#### Records to use:
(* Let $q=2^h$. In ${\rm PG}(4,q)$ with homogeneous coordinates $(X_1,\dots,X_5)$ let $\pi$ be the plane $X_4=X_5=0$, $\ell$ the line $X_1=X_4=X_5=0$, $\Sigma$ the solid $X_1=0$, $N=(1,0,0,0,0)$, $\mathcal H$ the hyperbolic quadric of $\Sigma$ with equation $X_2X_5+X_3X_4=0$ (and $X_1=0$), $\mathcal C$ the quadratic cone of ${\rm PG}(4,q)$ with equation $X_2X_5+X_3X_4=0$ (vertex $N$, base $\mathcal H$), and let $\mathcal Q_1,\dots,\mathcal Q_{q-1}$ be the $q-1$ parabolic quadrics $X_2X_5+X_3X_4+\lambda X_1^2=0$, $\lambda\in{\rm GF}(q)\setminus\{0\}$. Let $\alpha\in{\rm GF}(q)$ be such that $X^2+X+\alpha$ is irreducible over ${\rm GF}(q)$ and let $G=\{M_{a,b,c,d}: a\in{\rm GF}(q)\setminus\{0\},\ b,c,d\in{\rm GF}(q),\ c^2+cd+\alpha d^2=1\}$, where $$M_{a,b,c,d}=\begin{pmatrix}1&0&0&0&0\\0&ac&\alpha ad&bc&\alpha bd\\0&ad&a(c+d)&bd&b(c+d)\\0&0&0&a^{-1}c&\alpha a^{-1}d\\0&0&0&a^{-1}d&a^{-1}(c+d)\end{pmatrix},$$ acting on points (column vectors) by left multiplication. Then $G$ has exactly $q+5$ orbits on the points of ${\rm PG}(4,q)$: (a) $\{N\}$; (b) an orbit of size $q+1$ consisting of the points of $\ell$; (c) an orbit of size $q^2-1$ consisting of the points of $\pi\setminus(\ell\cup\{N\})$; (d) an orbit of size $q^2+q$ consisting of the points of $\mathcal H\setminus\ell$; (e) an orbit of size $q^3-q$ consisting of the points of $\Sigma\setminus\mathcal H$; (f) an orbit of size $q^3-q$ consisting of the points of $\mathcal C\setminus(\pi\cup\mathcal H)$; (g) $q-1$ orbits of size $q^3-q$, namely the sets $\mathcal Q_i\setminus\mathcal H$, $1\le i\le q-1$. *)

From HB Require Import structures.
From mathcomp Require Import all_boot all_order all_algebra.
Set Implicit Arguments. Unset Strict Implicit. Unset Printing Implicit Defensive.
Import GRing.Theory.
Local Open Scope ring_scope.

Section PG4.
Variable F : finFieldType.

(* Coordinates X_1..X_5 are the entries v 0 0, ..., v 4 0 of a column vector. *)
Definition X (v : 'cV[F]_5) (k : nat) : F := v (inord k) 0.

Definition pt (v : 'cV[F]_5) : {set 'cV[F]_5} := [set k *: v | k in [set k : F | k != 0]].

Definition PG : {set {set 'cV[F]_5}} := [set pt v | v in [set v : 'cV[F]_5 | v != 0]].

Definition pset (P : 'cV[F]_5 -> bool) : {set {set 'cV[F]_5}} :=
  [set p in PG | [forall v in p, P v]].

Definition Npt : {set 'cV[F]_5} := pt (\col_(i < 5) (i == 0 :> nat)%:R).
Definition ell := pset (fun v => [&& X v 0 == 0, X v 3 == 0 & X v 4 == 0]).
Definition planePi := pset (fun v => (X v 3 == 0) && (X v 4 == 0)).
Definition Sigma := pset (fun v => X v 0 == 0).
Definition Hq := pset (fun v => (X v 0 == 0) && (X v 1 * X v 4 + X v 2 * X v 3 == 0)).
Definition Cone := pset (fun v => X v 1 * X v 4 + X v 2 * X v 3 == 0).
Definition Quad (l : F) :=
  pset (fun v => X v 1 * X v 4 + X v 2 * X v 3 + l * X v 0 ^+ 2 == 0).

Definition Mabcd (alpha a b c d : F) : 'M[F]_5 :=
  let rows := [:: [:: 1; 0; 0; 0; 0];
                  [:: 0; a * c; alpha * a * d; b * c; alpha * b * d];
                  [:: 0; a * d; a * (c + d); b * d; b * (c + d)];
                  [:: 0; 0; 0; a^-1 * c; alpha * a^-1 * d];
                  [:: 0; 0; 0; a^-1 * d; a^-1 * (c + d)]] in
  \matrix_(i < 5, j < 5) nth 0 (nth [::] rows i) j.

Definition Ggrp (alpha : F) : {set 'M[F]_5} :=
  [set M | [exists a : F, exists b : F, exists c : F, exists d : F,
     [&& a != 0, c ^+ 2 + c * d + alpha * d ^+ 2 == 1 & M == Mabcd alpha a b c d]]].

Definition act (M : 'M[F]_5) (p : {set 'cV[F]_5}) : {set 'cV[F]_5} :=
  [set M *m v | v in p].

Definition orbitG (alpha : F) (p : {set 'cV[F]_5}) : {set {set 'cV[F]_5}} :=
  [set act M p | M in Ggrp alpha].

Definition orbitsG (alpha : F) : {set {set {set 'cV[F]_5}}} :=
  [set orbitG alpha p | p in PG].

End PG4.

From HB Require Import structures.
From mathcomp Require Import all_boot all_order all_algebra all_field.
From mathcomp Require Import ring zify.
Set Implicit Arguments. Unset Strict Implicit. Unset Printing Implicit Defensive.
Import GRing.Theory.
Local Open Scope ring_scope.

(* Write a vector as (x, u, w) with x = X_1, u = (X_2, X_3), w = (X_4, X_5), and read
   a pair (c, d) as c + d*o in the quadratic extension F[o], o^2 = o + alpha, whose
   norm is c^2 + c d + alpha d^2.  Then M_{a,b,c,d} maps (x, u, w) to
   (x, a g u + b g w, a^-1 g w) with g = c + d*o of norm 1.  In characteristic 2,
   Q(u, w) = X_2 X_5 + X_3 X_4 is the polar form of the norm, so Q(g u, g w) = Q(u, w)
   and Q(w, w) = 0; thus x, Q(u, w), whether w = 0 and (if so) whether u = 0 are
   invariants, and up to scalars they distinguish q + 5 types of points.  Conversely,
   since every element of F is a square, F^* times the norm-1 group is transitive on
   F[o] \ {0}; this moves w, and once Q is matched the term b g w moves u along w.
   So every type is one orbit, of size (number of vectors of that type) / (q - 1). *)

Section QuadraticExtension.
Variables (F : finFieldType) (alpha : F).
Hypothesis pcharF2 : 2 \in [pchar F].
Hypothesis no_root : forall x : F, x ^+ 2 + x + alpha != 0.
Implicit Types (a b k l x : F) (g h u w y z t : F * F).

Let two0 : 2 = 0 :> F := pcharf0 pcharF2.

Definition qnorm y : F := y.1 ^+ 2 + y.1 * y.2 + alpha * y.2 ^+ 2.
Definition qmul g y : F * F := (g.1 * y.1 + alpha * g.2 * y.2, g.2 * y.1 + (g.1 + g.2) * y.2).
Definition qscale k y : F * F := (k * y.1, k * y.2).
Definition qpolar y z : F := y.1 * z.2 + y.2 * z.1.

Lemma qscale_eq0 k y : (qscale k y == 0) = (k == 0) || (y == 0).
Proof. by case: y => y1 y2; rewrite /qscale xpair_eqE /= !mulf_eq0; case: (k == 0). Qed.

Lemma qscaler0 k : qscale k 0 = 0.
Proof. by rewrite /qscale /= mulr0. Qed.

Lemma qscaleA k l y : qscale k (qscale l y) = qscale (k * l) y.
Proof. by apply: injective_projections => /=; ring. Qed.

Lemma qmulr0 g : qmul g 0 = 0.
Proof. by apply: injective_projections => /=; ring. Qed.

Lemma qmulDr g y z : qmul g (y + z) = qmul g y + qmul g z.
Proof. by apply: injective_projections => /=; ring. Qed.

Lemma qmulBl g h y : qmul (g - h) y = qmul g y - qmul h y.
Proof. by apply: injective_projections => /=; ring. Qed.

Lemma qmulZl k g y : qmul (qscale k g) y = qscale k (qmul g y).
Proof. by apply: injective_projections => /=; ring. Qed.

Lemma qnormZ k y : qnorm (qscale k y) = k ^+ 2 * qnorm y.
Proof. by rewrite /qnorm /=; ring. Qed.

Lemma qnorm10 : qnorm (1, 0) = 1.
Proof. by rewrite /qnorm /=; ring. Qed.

#### Your assignment:
Exact retyping is required: the line with "Proof. by case: y" through the end of the data, both ends included, and no other line.

#### Expected answer:
Proof. by case: y => y1 y2; rewrite /qscale xpair_eqE /= !mulf_eq0; case: (k == 0). Qed.

Lemma qscaler0 k : qscale k 0 = 0.
Proof. by rewrite /qscale /= mulr0. Qed.

Lemma qscaleA k l y : qscale k (qscale l y) = qscale (k * l) y.
Proof. by apply: injective_projections => /=; ring. Qed.

Lemma qmulr0 g : qmul g 0 = 0.
Proof. by apply: injective_projections => /=; ring. Qed.

Lemma qmulDr g y z : qmul g (y + z) = qmul g y + qmul g z.
Proof. by apply: injective_projections => /=; ring. Qed.

Lemma qmulBl g h y : qmul (g - h) y = qmul g y - qmul h y.
Proof. by apply: injective_projections => /=; ring. Qed.

Lemma qmulZl k g y : qmul (qscale k g) y = qscale k (qmul g y).
Proof. by apply: injective_projections => /=; ring. Qed.

Lemma qnormZ k y : qnorm (qscale k y) = k ^+ 2 * qnorm y.
Proof. by rewrite /qnorm /=; ring. Qed.

Lemma qnorm10 : qnorm (1, 0) = 1.
Proof. by rewrite /qnorm /=; ring. Qed.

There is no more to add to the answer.